WORK REQUIRED: Count the lines below that contain the word "Hsep" and give only that number.
◆ ◆ ◆
(* Let $G$ be a graph and $k\in\mathbb N$. Let $\tau$ be a regular, non-principal $\mathcal P'_k$-tangle of $S_k(G)$, and let $\sigma\subseteq\vec S_k(G)$ be a finite star with finite interior. Then $\sigma\not\subseteq\tau$.
   Context: Graphs may be infinite. A separation of $G$ is a set $\{A,B\}$ with $A,B\subseteq V(G)$, $A\cup B=V(G)$ and no edge of $G$ between $A\setminus B$ and $B\setminus A$; its order is $|A\cap B|$. $S_k(G)$ is the set of separations of order $<k$ and $\vec S_k(G)$ the set of their orientations $(A,B)$, $(B,A)$. Order: $(A,B)\le(C,D)$ iff $A\subseteq C$ and $B\supseteq D$. An orientation of $S_k(G)$ is a set containing exactly one orientation of each element; it is consistent if there are no distinct $\{A,B\},\{C,D\}\in S_k(G)$ with $(A,B)<(C,D)$, $(B,A)\in O$, $(C,D)\in O$; regular if it contains no separation of the form $(V(G),A)$; principal if for every set $X$ of fewer than $k$ vertices it contains $(V(G)\setminus V(K),V(K)\cup X)$ for some component $K$ of $G-X$ (non-principal otherwise). A star is a set $\sigma$ of oriented finite-order separations, not containing $(V(G),V(G))$, with $(A,B)\le(D,C)$ for distinct $(A,B),(C,D)\in\sigma$; its interior is $\mathrm{int}(\sigma)=\bigcap_{(A,B)\in\sigma}B$. $\mathcal P'_k$ is the set of all $\rho=\{(A,B),(B\cap C,A\cup D),(B\cap D,A\cup C)\}\subseteq\vec S_k(G)$ with $(A,B),(C,D)\in\vec S_k(G)$ and $|\mathrm{int}(\rho)|<k$. A $\mathcal P'_k$-tangle of $S_k(G)$ is a consistent orientation of $S_k(G)$ containing no element of $\mathcal P'_k$ as a subset. *)

(* Graphs may be infinite: a graph is a vertex type V with an
   adjacency relation adj (assumed symmetric and irreflexive in the theorem). *)
From Stdlib Require Import List.
Import ListNotations.
Set Implicit Arguments.

Definition vset (V : Type) := V -> Prop.
Definition osep (V : Type) := (vset V * vset V)%type.

Section Defs.
Variable V : Type.
Variable adj : V -> V -> Prop.

Definition vsetT : vset V := fun _ => True.
Definition vsetI (A B : vset V) : vset V := fun x => A x /\ B x.
Definition vsetU (A B : vset V) : vset V := fun x => A x \/ B x.
Definition vsetC (A : vset V) : vset V := fun x => ~ A x.
Definition vsubset (A B : vset V) : Prop := forall x, A x -> B x.

Definition finite_set {T : Type} (S : T -> Prop) : Prop :=
  exists l : list T, forall x, S x <-> In x l.
Definition card_lt {T : Type} (S : T -> Prop) (k : nat) : Prop :=
  exists l : list T, NoDup l /\ (forall x, S x <-> In x l) /\ length l < k.

Definition is_sep (A B : vset V) : Prop :=
  (forall v, A v \/ B v) /\
  (forall u v, A u -> ~ B u -> B v -> ~ A v -> ~ adj u v /\ ~ adj v u).

Definition vSk (k : nat) (s : osep V) : Prop :=
  is_sep (fst s) (snd s) /\ card_lt (vsetI (fst s) (snd s)) k.

Definition fin_osep (s : osep V) : Prop :=
  is_sep (fst s) (snd s) /\ finite_set (vsetI (fst s) (snd s)).

Definition sep_le (s t : osep V) : Prop := vsubset (fst s) (fst t) /\ vsubset (snd t) (snd s).
Definition sep_lt (s t : osep V) : Prop := sep_le s t /\ s <> t.
Definition inv (s : osep V) : osep V := ((snd s), (fst s)).

(* the unoriented separations {A,B} and {C,D} are distinct *)
Definition distinct_usep (s t : osep V) : Prop := s <> t /\ s <> inv t.

Definition is_orientation (k : nat) (O : osep V -> Prop) : Prop :=
  (forall s, O s -> vSk k s) /\
  (forall s, vSk k s -> (O s \/ O (inv s)) /\ (O s -> O (inv s) -> s = inv s)).

Definition consistent (k : nat) (O : osep V -> Prop) : Prop :=
  ~ exists s t, vSk k s /\ vSk k t /\ distinct_usep s t /\
      sep_lt s t /\ O (inv s) /\ O t.

Definition regular (O : osep V -> Prop) : Prop :=
  forall A, ~ O (vsetT, A).

Inductive reach (X : vset V) (x : V) : V -> Prop :=
| reach_refl : ~ X x -> reach X x x
| reach_step : forall y z, reach X x y -> adj y z -> ~ X z -> reach X x z.

Definition component (X K : vset V) : Prop :=
  exists x, ~ X x /\ forall y, K y <-> reach X x y.

Definition principal (k : nat) (O : osep V -> Prop) : Prop :=
  forall X : vset V, card_lt X k ->
    exists K, component X K /\ O (vsetC K, vsetU K X).

Definition star (sigma : osep V -> Prop) : Prop :=
  (forall s, sigma s -> fin_osep s) /\
  ~ sigma (vsetT, vsetT) /\
  (forall s t, sigma s -> sigma t -> s <> t -> sep_le s (inv t)).

Definition interior (sigma : osep V -> Prop) : vset V :=
  fun x => forall s, sigma s -> (snd s) x.

(* O contains no element of P'_k as a subset *)
Definition avoids_P'k (k : nat) (O : osep V -> Prop) : Prop :=
  forall A B C D : vset V,
    vSk k (A, B) -> vSk k (C, D) ->
    vSk k (vsetI B C, vsetU A D) -> vSk k (vsetI B D, vsetU A C) ->
    card_lt (vsetI B (vsetI (vsetU A D) (vsetU A C))) k ->
    ~ (O (A, B) /\ O (vsetI B C, vsetU A D) /\ O (vsetI B D, vsetU A C)).

Definition P'k_tangle (k : nat) (O : osep V -> Prop) : Prop :=
  is_orientation k O /\ consistent k O /\ avoids_P'k k O.
End Defs.

(** Non-principality of [tau] yields a set [X] of fewer than [k] vertices
    such that [tau] contains [(K ∪ X, V ∖ K)] for every component [K] of
    [G - X].  Since [tau] is consistent and contains no element of [P'_k], it
    contains the join [(A ∪ C, B ∩ D)] of any [(A, B)] and [(C, D)] in [tau]
    whose separators [A ∩ B] and [B ∩ C ∩ D] lie in [X].  Joining [(X, V)]
    first with the separations of the finitely many components meeting the
    interior of [sigma], and then with the elements of [sigma], keeps the
    separator inside [X]: a vertex of [B ∩ C ∩ D] outside [X] lies in the
    interior of the star, and hence was already removed from [B].  The final
    join has small side [V] because every vertex outside the interior lies in
    the small side of some element of [sigma]; this contradicts regularity. *)
From Stdlib Require Import List Lia Classical ClassicalEpsilon.
From Stdlib Require Import FunctionalExtensionality PropExtensionality.

Set Implicit Arguments.

Lemma vset_ext (V : Type) (A B : vset V) : (forall v, A v <-> B v) -> A = B.
Proof.
  intro H; apply functional_extensionality; intro v.
  apply propositional_extensionality, H.
Qed.

Lemma card_lt_subset {T : Type} {S X : T -> Prop} {n : nat} :
  card_lt X n -> (forall x, S x -> X x) -> card_lt S n.
Proof.
  intros [l [Hnd [HX Hlen]]] HSX.
  set (p := fun x => if excluded_middle_informative (S x) then true else false).
  exists (filter p l); split; [|split].
  - now apply NoDup_filter.
  - intro x; rewrite filter_In, <- HX; unfold p.
    destruct (excluded_middle_informative (S x)); split; auto.
    intros [_ Hf]; discriminate Hf.
  - pose proof (filter_length_le p l); lia.
Qed.

Definition separator (V : Type) (s : osep V) : vset V := vsetI (fst s) (snd s).

Definition join (V : Type) (s t : osep V) : osep V :=
  (vsetU (fst s) (fst t), vsetI (snd s) (snd t)).

Definition join_list (V : Type) (s0 : osep V) (l : list (osep V)) : osep V :=
  fold_right (fun s acc => join acc s) s0 l.

Ltac vset_unfold :=
  unfold separator, inv, vsubset, vsetI, vsetU, vsetC, vsetT in *; simpl in *.

Lemma separator_join (V : Type) (s t : osep V) :
  vsubset (separator (join s t))
          (vsetU (separator s) (vsetI (snd s) (separator t))).
Proof. unfold join; vset_unfold; tauto. Qed.

Section Separations.
Variables (V : Type) (adj : V -> V -> Prop).

Lemma is_sep_sym A B : is_sep adj A B -> is_sep adj B A.
Proof.
  intros [Hcov Hedge]; split.
  - intro v; destruct (Hcov v); tauto.
  - intros u v Bu nAu Av nBv; destruct (Hedge v u); tauto.
Qed.

Lemma is_sep_corner A B C D :
  is_sep adj A B -> is_sep adj C D -> is_sep adj (vsetI B C) (vsetU A D).
Proof.
  intros [HAB eAB] [HCD eCD]; split; vset_unfold.
  - intro v; destruct (HAB v), (HCD v); tauto.
  - intros u v [Bu Cu] Hu Hv Hv'.
    specialize (eAB v u); specialize (eCD u v).
    destruct (HAB v), (HCD v); tauto.
Qed.

Lemma vSk_inv k s : vSk adj k s -> vSk adj k (inv s).
Proof.
  intros [Hsep Hcard]; split.
  - now apply is_sep_sym.
  - apply (card_lt_subset Hcard); vset_unfold; tauto.
Qed.

Lemma vSk_small_separator k X s :
  card_lt X k -> is_sep adj (fst s) (snd s) -> vsubset (separator s) X ->
  vSk adj k s.
Proof.
  intros HX Hsep HsX; split; [exact Hsep | exact (card_lt_subset HX HsX)].
Qed.

Lemma join_list_fst (s0 : osep V) l v :
  fst (join_list s0 l) v <-> fst s0 v \/ exists s, In s l /\ fst s v.
Proof.
  induction l as [|t l IH]; simpl; vset_unfold; rewrite ?IH;
    firstorder congruence.
Qed.

Lemma join_list_snd (s0 : osep V) l v :
  snd (join_list s0 l) v <-> snd s0 v /\ forall s, In s l -> snd s v.
Proof.
  induction l as [|t l IH]; simpl; vset_unfold; rewrite ?IH;
    firstorder congruence.
Qed.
◆ ◆ ◆
EXERCISE RESPONSE: 2